# Exercise
Using the material below, return exactly the lines between the one holding "an edge array" and the one holding "(balanced_round); since N^n_ij", inclusive, and no others.

# Source material

Definition swss_feasible (R : realType) I J (E : 'I_I -> 'I_J -> bool)
  (mu : 'I_I -> 'I_J -> R) (lamh : 'I_I -> R) (th : 'I_J -> R)
  (p : 'I_I -> R) (v : R) (kappa : 'I_I -> 'I_J -> R) : Prop :=
  (forall i j, ~~ E i j -> kappa i j = 0) /\
  (forall i, lamh i <= \sum_(j < J | E i j) mu i j * kappa i j - v * p i) /\
  (forall j, \sum_(i < I | E i j) kappa i j = th j).

Definition swss_value (R : realType) I J (E : 'I_I -> 'I_J -> bool)
  (mu : 'I_I -> 'I_J -> R) (lamh : 'I_I -> R) (th : 'I_J -> R)
  (p : 'I_I -> R) (v : R) : Prop :=
  (exists kappa, swss_feasible E mu lamh th p v kappa) /\
  (forall w kappa, swss_feasible E mu lamh th p w kappa -> w <= v).

From HB Require Import structures.
From mathcomp Require Import all_boot all_order all_algebra.
From mathcomp Require Import all_classical all_reals all_analysis.
From mathcomp Require Import lra ring.
Import Order.TTheory GRing.Theory Num.Theory numFieldNormedType.Exports.
Local Open Scope classical_set_scope.
Local Open Scope ring_scope.
Set Implicit Arguments. Unset Strict Implicit. Unset Printing Implicit Defensive.

(* Take an optimal pair (vartheta_p, kappa) of the SWSS program.  On a connected
   network every class constraint of that program is tight at the optimum:
   otherwise a column-balanced array (built by propagating servers along the
   edges of the graph) would allow a larger value (swss_tight).  Put
     delta_ij := kappa_ij - xi*_ij nuh_j - (muh_ij / mu_ij) z*_ij,
   an edge array with vanishing column sums.  The staffing N~^n is N^n plus an
   integer rounding of delta sqrt n that preserves column sums
   (balanced_round); since N^n_ij grows linearly it stays nonnegative, which
   gives (ii) and (iii) (section Correction).  Finally a first-order expansion
   of lambda^n_i - sum_j mu^n_ij N~^n_ij + vartheta p_i sqrt n in the scale
   sqrt n (imbalance_expansion) has limit lamh_i - sum_j mu_ij kappa_ij +
   vartheta p_i, which is 0 by tightness: this is (i). *)

Section Rebalancing.
Variables (R : realType) (I J : nat) (E : 'I_I -> 'I_J -> bool).
Variable mu : 'I_I -> 'I_J -> R.
Hypothesis mu_pos : forall i j, E i j -> 0 < mu i j.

# Task solution
   an edge array with vanishing column sums.  The staffing N~^n is N^n plus an
   integer rounding of delta sqrt n that preserves column sums
   (balanced_round); since N^n_ij grows linearly it stays nonnegative, which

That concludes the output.